### DIRECTIONS
Once the line containing "- 4 * Delta_Delta a b c d" is found in the entries below, restate it and each following line word for word, stopping after the line containing "assert (hsd : sd".
(MATERIAL SHOWN begins)
Lemma Fpol_hpol_neg z : 0 < z -> W a b c d 3 z = 0 -> Fpol a b c d z * hpol a b z < 0.
Proof.
  intros hz hW.
  rewrite Fpol_hpol, hW, Rplus_0_r.
  assert (hA : Apol a b z < 0) by (unfold Apol; nra).
  assert (0 < Apol a b z * Apol a b z) by nra.
  simpl; nra.
Qed.

Lemma Fpol_const_neg y : 0 < y -> Fpol a b c d y < 0 -> b ^ 2 + d < 0.
Proof.
  rewrite Fpol_quadratic; unfold quadratic; simpl; intros hy hF.
  assert (0 < (2 * a * b + c) * y) by (apply Rmult_lt_0_compat; nra).
  assert (0 <= a * a * (y * y)) by (apply Rmult_le_pos; nra).
  nra.
Qed.

Lemma Fpol_pos_root :
  b ^ 2 + d < 0 ->
  exists x0, 0 < x0 /\ forall z, 0 <= z ->
    (Fpol a b c d z < 0 <-> z < x0) /\ (Fpol a b c d z = 0 <-> z = x0).
Proof.
  intro hF0.
  destruct (quadratic_pos_root (a ^ 2) (2 * a * b + c) (b ^ 2 + d)) as [x0 [hx0 hs]];
    [simpl; nra | exact hF0 |].
  exists x0; split; [exact hx0|].
  intros z hz; rewrite Fpol_quadratic; exact (hs z hz).
Qed.

Lemma W3_third_root_pos r y :
  r < 0 -> 0 < y -> W a b c d 3 r = 0 -> W a b c d 3 y = 0 ->
  exists t, 0 < t /\ forall z, W a b c d 3 z = a ^ 2 * (z - r) * (z - y) * (z - t).
Proof.
  intros hr hy h1 h2.
  rewrite W3_cubic in h1, h2.
  destruct (cubic_third_root _ _ _ _ r y (pow_nonzero a 2 ltac:(lra)) ltac:(lra) h1 h2) as [t hf].
  exists t; split.
  - destruct (cubic_vieta _ _ _ _ _ _ _ hf) as [_ hS].
    assert (ha2 : 0 < a ^ 2) by (simpl; nra).
    assert (r * y < 0) by nra.
    assert (a ^ 2 * (r * y) < 0) by nra.
    assert (0 < b * d) by nra.
    nra.
  - intro z; rewrite W3_cubic; apply hf.
Qed.

(* A positive zero z of W_3 has F(z) h(z) = A(z)^3 < 0.  If h(z) <= 0, then
   0 < z <= -b/(a+1) < x0 gives F(z) < 0 as well, which is impossible. *)
Lemma W3_pos_root_between x0 z :
  -1 < a ->
  (forall z, 0 <= z -> (Fpol a b c d z < 0 <-> z < x0)) ->
  - b / (a + 1) < x0 -> 0 < z -> W a b c d 3 z = 0 ->
  - b / (a + 1) < z < x0.
Proof.
  intros ha1 hF hux0 hz hW.
  pose proof (Fpol_hpol_neg z hz hW) as hprod.
  destruct (Rlt_or_le 0 (hpol a b z)) as [hh|hh].
  - assert (hu : - b / (a + 1) < z) by (apply hpol_pos_iff; assumption).
    split; [exact hu|].
    apply hF; [lra|]; nra.
  - exfalso.
    assert (z <= - b / (a + 1)).
    { apply Rnot_lt_le; intro hu; apply (hpol_pos_iff z ha1) in hu; lra. }
    assert (Fpol a b c d z < 0) by (apply hF; lra).
    nra.
Qed.

(* B(x0) = F(x0) - A(x0)^2 < 0, and (a^2 x + a b + 2 c)^2 - 4 Delta_Delta
   equals a^2 (F(x) + 3 B(x)). *)
Lemma Fpol_root_lt_x_Delta_plus x0 :
  0 < x0 -> Fpol a b c d x0 = 0 -> x0 < x_Delta_plus a b c d.
Proof.
  intros hx0 hF.
  assert (hB : Bpol c d x0 < 0).
  { unfold Fpol in hF; assert (Apol a b x0 < 0) by (unfold Apol; nra).
    simpl in hF; nra. }
  set (v := a ^ 2 * x0 + a * b + 2 * c).
  assert (hsq : v ^ 2 < 4 * Delta_Delta a b c d).
  { assert (e : v ^ 2 - 4 * Delta_Delta a b c d
                = a ^ 2 * (Fpol a b c d x0 + 3 * Bpol c d x0))
      by (unfold v, Delta_Delta, Fpol, Apol, Bpol; ring).
    assert (0 < a ^ 2) by (simpl; nra).
    assert (a ^ 2 * (0 + 3 * Bpol c d x0) < 0) by nra.
    rewrite hF in e; lra. }
  assert (hDD : 0 < Delta_Delta a b c d) by (simpl in hsq; nra).
  set (sd := sqrt (Delta_Delta a b c d)).
  assert (hsd : sd * sd = Delta_Delta a b c d) by (apply sqrt_sqrt; lra).
  assert (hsd0 : 0 <= sd) by apply sqrt_pos.
  assert (v < 2 * sd) by (simpl in hsq; nra).
  unfold x_Delta_plus; fold sd.
  apply (Rmult_lt_reg_r (a ^ 2)); [simpl; nra|].
  replace ((- a * b - 2 * c + 2 * sd) / a ^ 2 * a ^ 2) with (- a * b - 2 * c + 2 * sd)
    by (field; lra).
  unfold v in *; lra.
Qed.

(* With u = -b/(a+1) one has A(u) = -u, so F(u) = u^2 + c u + d. *)
Lemma c_lt_of_Fpol_neg :
  -1 < a -> Fpol a b c d (- b / (a + 1)) < 0 -> c < b / (a + 1) + (a + 1) / b * d.
Proof.
  intros ha1 hF.
  set (u := - b / (a + 1)) in *.
  assert (hu : 0 < u) by (apply Rdiv_lt_0_compat; lra).
  assert (eF : Fpol a b c d u = u ^ 2 + c * u + d)
    by (unfold Fpol, Apol, Bpol, u; field; lra).
  assert (e : u * (b / (a + 1) + (a + 1) / b * d) = - u ^ 2 - d)
    by (unfold u; field; lra).
  apply (Rmult_lt_reg_l u); [exact hu|].
  rewrite e; lra.
Qed.

Lemma c_minus_neg : b ^ 2 + d < 0 -> c_minus a b d < 0.
Proof.
  intro hF0; unfold c_minus.
  set (s := sqrt (d * (a - 1))).
  assert (hs : s * s = d * (a - 1)) by (apply sqrt_sqrt; nra).
  assert (0 <= s) by apply sqrt_pos.
  simpl in hF0; nra.
Qed.

End NormalisedSequence.

Theorem theorem4p3 (a b c d : R)
  (ha : a < 0) (hb : b < 0) (hd : d < 0) (hc : c >= c_plus a b d) :
  (exists! x : R, x < 0 /\ W a b c d 3 x = 0) /\
  ((exists y : R, 0 < y /\ W a b c d 3 y = 0 /\
                  ~ (x_g_minus a b c d < y < x_g_plus a b c d)) ->
   a > -1 /\
   (exists x0 : R,
      (0 < x0 /\ Fpol a b c d x0 = 0 /\
       (forall y, 0 < y -> Fpol a b c d y = 0 -> y = x0)) /\
      (exists x1 x2 r : R,
         (forall z, W a b c d 3 z = a ^ 2 * (z - r) * (z - x1) * (z - x2)) /\
         - b / (a + 1) < x1 < x0 /\ - b / (a + 1) < x2 < x0) /\
      x0 < x_Delta_plus a b c d) /\
   c < b / (a + 1) + (a + 1) / b * d /\
   c_minus a b d < 0).
Proof.
  pose proof (b_plus_c_pos a b c d ha hd hc) as hbc.
  destruct (W3_neg_root a b c d ha hb hd) as [r [hr0 hr]].
  split.
  { exists r; split; [tauto|].
    intros x [hx0 hx]; exact (W3_neg_root_unique a b c d ha hb hd hbc r x hr0 hx0 hr hx). }
  intros [y [hy0 [hy hyout]]].
  assert (hhy : 0 < hpol a b y)
    by (apply (hpol_pos_of_W3_root a b c d); auto; apply gpol_nonneg_outside; auto).
  pose proof (a_gt_m1_of_hpol_pos a b hb y hy0 hhy) as ha1.
  assert (hFy : Fpol a b c d y < 0) by (pose proof (Fpol_hpol_neg a b c d ha hb y hy0 hy); nra).
  pose proof (Fpol_const_neg a b c d ha hb hbc y hy0 hFy) as hF0.
  destruct (Fpol_pos_root a b c d ha hF0) as [x0 [hx0 hF]].
  assert (hneg : forall z, 0 <= z -> (Fpol a b c d z < 0 <-> z < x0))
    by (intros z hz; apply hF, hz).
  assert (hux0 : - b / (a + 1) < x0).
  { apply (hpol_pos_iff a b y ha1) in hhy; apply hneg in hFy; lra. }
  assert (hFx0 : Fpol a b c d x0 = 0) by (apply hF; lra).
  destruct (W3_third_root_pos a b c d ha hb hd r y hr0 hy0 hr hy) as [t [ht0 hfac]].
  assert (ht : W a b c d 3 t = 0) by (rewrite hfac; ring).
  repeat split; try lra.
  - exists x0; repeat split; auto.
    + intros z hz hFz; apply hF; lra.
    + exists y, t, r; split; [intro z; rewrite hfac; ring|].
      split; apply (W3_pos_root_between a b c d ha hb x0); auto.
    + apply Fpol_root_lt_x_Delta_plus; auto.
  - assert (0 < - b / (a + 1)) by (apply Rdiv_lt_0_compat; lra).
    apply c_lt_of_Fpol_neg; auto; apply hneg; lra.
  - apply c_minus_neg; assumption.
Qed.
(* Let $f,g:\Theta\times Y\to\mathbb{R}$ be test quantities such that for all $y\in Y$ and $\theta_1,\theta_2\in\Theta$: $g(\theta_1,y)<g(\theta_2,y)\iff f(\theta_1,y)<f(\theta_2,y)$ and $g(\theta_1,y)=g(\theta_2,y)\iff f(\theta_1,y)=f(\theta_2,y)$, and let $\phi$ be a posterior family. Then for all $y\in Y$, $\tilde\theta\in\Theta$, $x\in[0,1]$, $M\in\mathbb{N}$ and $i\in\{0,\dots,M\}$: $r_{\phi,f}(x\mid\tilde\theta,y)=r_{\phi,g}(x\mid\tilde\theta,y)$ and $R_{\phi,f}(i\mid\tilde\theta,y)=R_{\phi,g}(i\mid\tilde\theta,y)$.
   Context: Data space $Y$, parameter space $\Theta$. A posterior family is $\phi:\Theta\times Y\to\mathbb{R}^+$ with $\int_\Theta\phi(\theta\mid y)\,\mathrm{d}\theta=1$ for all $y$; a test quantity is a measurable $f:\Theta\times Y\to\mathbb{R}$. $C_{\phi,f}(s\mid y)=\int_\Theta\mathbb{I}[f(\theta,y)\le s]\phi(\theta\mid y)\,\mathrm{d}\theta$, $D_{\phi,f}(s\mid y)=\int_\Theta\mathbb{I}[f(\theta,y)=s]\phi(\theta\mid y)\,\mathrm{d}\theta$; with $U\sim\mathrm{uniform}[0,1]$, $r_{\phi,f}(x\mid\tilde\theta,y)=\Pr\big(C_{\phi,f}(f(\tilde\theta,y)\mid y)-U\,D_{\phi,f}(f(\tilde\theta,y)\mid y)\le x\big)$. For $M\in\mathbb{N}$, with $\theta_1,\dots,\theta_M$ i.i.d. from $\phi(\cdot\mid y)$: $N^{\mathtt{less}}=\sum_m\mathbb{I}[f(\theta_m,y)<f(\tilde\theta,y)]$, $N^{\mathtt{equals}}=\sum_m\mathbb{I}[f(\theta_m,y)=f(\tilde\theta,y)]$, $K$ uniform on $\{0,\dots,N^{\mathtt{equals}}\}$, $N^{\mathtt{total}}=N^{\mathtt{less}}+K$, and $R_{\phi,f}(i\mid\tilde\theta,y)=\Pr(N^{\mathtt{total}}\le i)$. *)

From HB Require Import structures.
From mathcomp Require Import all_boot all_order all_algebra.
From mathcomp Require Import all_classical all_reals all_analysis.
Set Implicit Arguments. Unset Strict Implicit. Unset Printing Implicit Defensive.
Import Order.TTheory GRing.Theory Num.Theory.
Local Open Scope classical_set_scope.
Local Open Scope ring_scope.

Section Defs.
Context {R : realType} {d : measure_display} {T : measurableType d} {Y : Type}.
Variable mu : {measure set T -> \bar R}.

Definition posterior_family (phi : T -> Y -> R) : Prop :=
  forall y, [/\ forall t, 0 <= phi t y,
             measurable_fun setT (fun t => phi t y) &
             (\int[mu]_t (phi t y)%:E = 1)%E].

Definition Cfun (phi : T -> Y -> R) (f : T -> Y -> R) (s : R) (y : Y) : R :=
  fine (\int[mu]_t ((f t y <= s)%R%:R * phi t y)%:E).
Definition Dfun (phi : T -> Y -> R) (f : T -> Y -> R) (s : R) (y : Y) : R :=
  fine (\int[mu]_t ((f t y == s)%R%:R * phi t y)%:E).

(* r_{phi,f}(x | th, y) = Pr_{U ~ uniform[0,1]} (C - U D <= x) *)
Definition rfun (phi f : T -> Y -> R) (x : R) (th : T) (y : Y) : \bar R :=
  (@lebesgue_measure R) ([set u : R | u \in `[0, 1] /\
     Cfun phi f (f th y) y - u * Dfun phi f (f th y) y <= x]).

(* Expectation of F(theta_1, ..., theta_M) for theta_m i.i.d. with density p
   w.r.t. mu (iterated integral over the M-fold product). *)
Fixpoint iid_expect (p : T -> R) (M : nat) (F : seq T -> \bar R) : \bar R :=
  match M with
  | 0 => F [::]
  | M'.+1 => (\int[mu]_t ((p t)%:E * iid_expect p M' (fun s => F (t :: s))))%E
  end.

Definition N_less (f : T -> Y -> R) (th : T) (y : Y) (s : seq T) : nat :=
  count (fun t => f t y < f th y) s.
Definition N_equals (f : T -> Y -> R) (th : T) (y : Y) (s : seq T) : nat :=
  count (fun t => f t y == f th y) s.

(* Pr_K (N_less + K <= i), K uniform on {0, ..., N_equals} *)
Definition prob_total_le (nl ne i : nat) : R :=
  (\sum_(k < ne.+1) ((nl + k <= i)%N)%:R) / (ne.+1)%:R.

Definition Rfun (phi f : T -> Y -> R) (M i : nat) (th : T) (y : Y) : \bar R :=
  iid_expect (fun t => phi t y) M
    (fun s => (prob_total_le (N_less f th y s) (N_equals f th y s) i)%:E).
End Defs.

(* r and R see the test quantity only through the comparisons of f(theta, y)
   with f(th, y): the indicators [f t y <= f th y], [f t y == f th y] and
   [f t y < f th y].  Order-equivalent quantities give the same indicators
   pointwise, so every integrand and every count is literally unchanged. *)

From HB Require Import structures.
From mathcomp Require Import all_boot all_order all_algebra.
From mathcomp Require Import all_classical all_reals all_analysis.
Set Implicit Arguments. Unset Strict Implicit. Unset Printing Implicit Defensive.
Import Order.TTheory GRing.Theory Num.Theory.
Local Open Scope classical_set_scope.
Local Open Scope ring_scope.

Section OrderEquivalence.
Variables (R : realDomainType) (T Y : Type) (f g : T -> Y -> R) (y : Y).
Hypothesis lt_gf : forall t1 t2, (g t1 y < g t2 y) <-> (f t1 y < f t2 y).
Hypothesis eq_gf : forall t1 t2, (g t1 y = g t2 y) <-> (f t1 y = f t2 y).

Lemma ltr_order_equiv t1 t2 : (f t1 y < f t2 y) = (g t1 y < g t2 y).
Proof. by apply/idP/idP => /lt_gf. Qed.

Lemma eqr_order_equiv t1 t2 : (f t1 y == f t2 y) = (g t1 y == g t2 y).
Proof. by apply/eqP/eqP => /eq_gf. Qed.

Lemma ler_order_equiv t1 t2 : (f t1 y <= f t2 y) = (g t1 y <= g t2 y).
Proof. by rewrite !le_eqVlt eqr_order_equiv ltr_order_equiv. Qed.

End OrderEquivalence.

Section ComparisonInvariance.
Variables (R : realType) (d : measure_display) (T : measurableType d) (Y : Type).
Variables (mu : {measure set T -> \bar R}) (phi f g : T -> Y -> R).
Variables (th : T) (y : Y).
Hypothesis le_fg : forall t, (f t y <= f th y) = (g t y <= g th y).
Hypothesis eq_fg : forall t, (f t y == f th y) = (g t y == g th y).

Lemma rfun_comparison_invariant x : rfun mu phi f x th y = rfun mu phi g x th y.
Proof.
have eqC : Cfun mu phi f (f th y) y = Cfun mu phi g (g th y) y.
  by congr fine; apply: eq_integral => t _; rewrite le_fg.
have eqD : Dfun mu phi f (f th y) y = Dfun mu phi g (g th y) y.
  by congr fine; apply: eq_integral => t _; rewrite eq_fg.
by rewrite /rfun eqC eqD.
Qed.

Hypothesis lt_fg : forall t, (f t y < f th y) = (g t y < g th y).

Lemma Rfun_comparison_invariant M i : Rfun mu phi f M i th y = Rfun mu phi g M i th y.
Proof.
rewrite /Rfun; congr iid_expect; apply: funext => s.
by rewrite /N_less /N_equals (eq_count lt_fg) (eq_count eq_fg).
Qed.

End ComparisonInvariance.

Theorem mainTheorem14 (R : realType) (d : measure_display) (T : measurableType d)
  (dY : measure_display) (Y : measurableType dY)
  (mu : {measure set T -> \bar R}) (phi f g : T -> Y -> R) :
  measurable_fun setT (fun p : T * Y => f p.1 p.2) ->
  measurable_fun setT (fun p : T * Y => g p.1 p.2) ->
  (forall y t1 t2, (g t1 y < g t2 y) <-> (f t1 y < f t2 y)) ->
  (forall y t1 t2, (g t1 y = g t2 y) <-> (f t1 y = f t2 y)) ->
  posterior_family mu phi ->
  forall (y : Y) (th : T) (x : R) (M i : nat),
    0 <= x <= 1 -> (i <= M)%N ->
    rfun mu phi f x th y = rfun mu phi g x th y /\
    Rfun mu phi f M i th y = Rfun mu phi g M i th y.
Proof.
move=> _ _ lt_gf eq_gf _ y th x M i _ _.
have le_fg (t : T) := ler_order_equiv (lt_gf y) (eq_gf y) t th.
have eq_fg (t : T) := eqr_order_equiv (eq_gf y) t th.
have lt_fg (t : T) := ltr_order_equiv (lt_gf y) t th.
split; first exact: rfun_comparison_invariant.
exact: Rfun_comparison_invariant.
Qed.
(MATERIAL SHOWN ends)
### ANSWER SECTION
  { assert (e : v ^ 2 - 4 * Delta_Delta a b c d
                = a ^ 2 * (Fpol a b c d x0 + 3 * Bpol c d x0))
      by (unfold v, Delta_Delta, Fpol, Apol, Bpol; ring).
    assert (0 < a ^ 2) by (simpl; nra).
    assert (a ^ 2 * (0 + 3 * Bpol c d x0) < 0) by nra.
    rewrite hF in e; lra. }
  assert (hDD : 0 < Delta_Delta a b c d) by (simpl in hsq; nra).
  set (sd := sqrt (Delta_Delta a b c d)).
  assert (hsd : sd * sd = Delta_Delta a b c d) by (apply sqrt_sqrt; lra).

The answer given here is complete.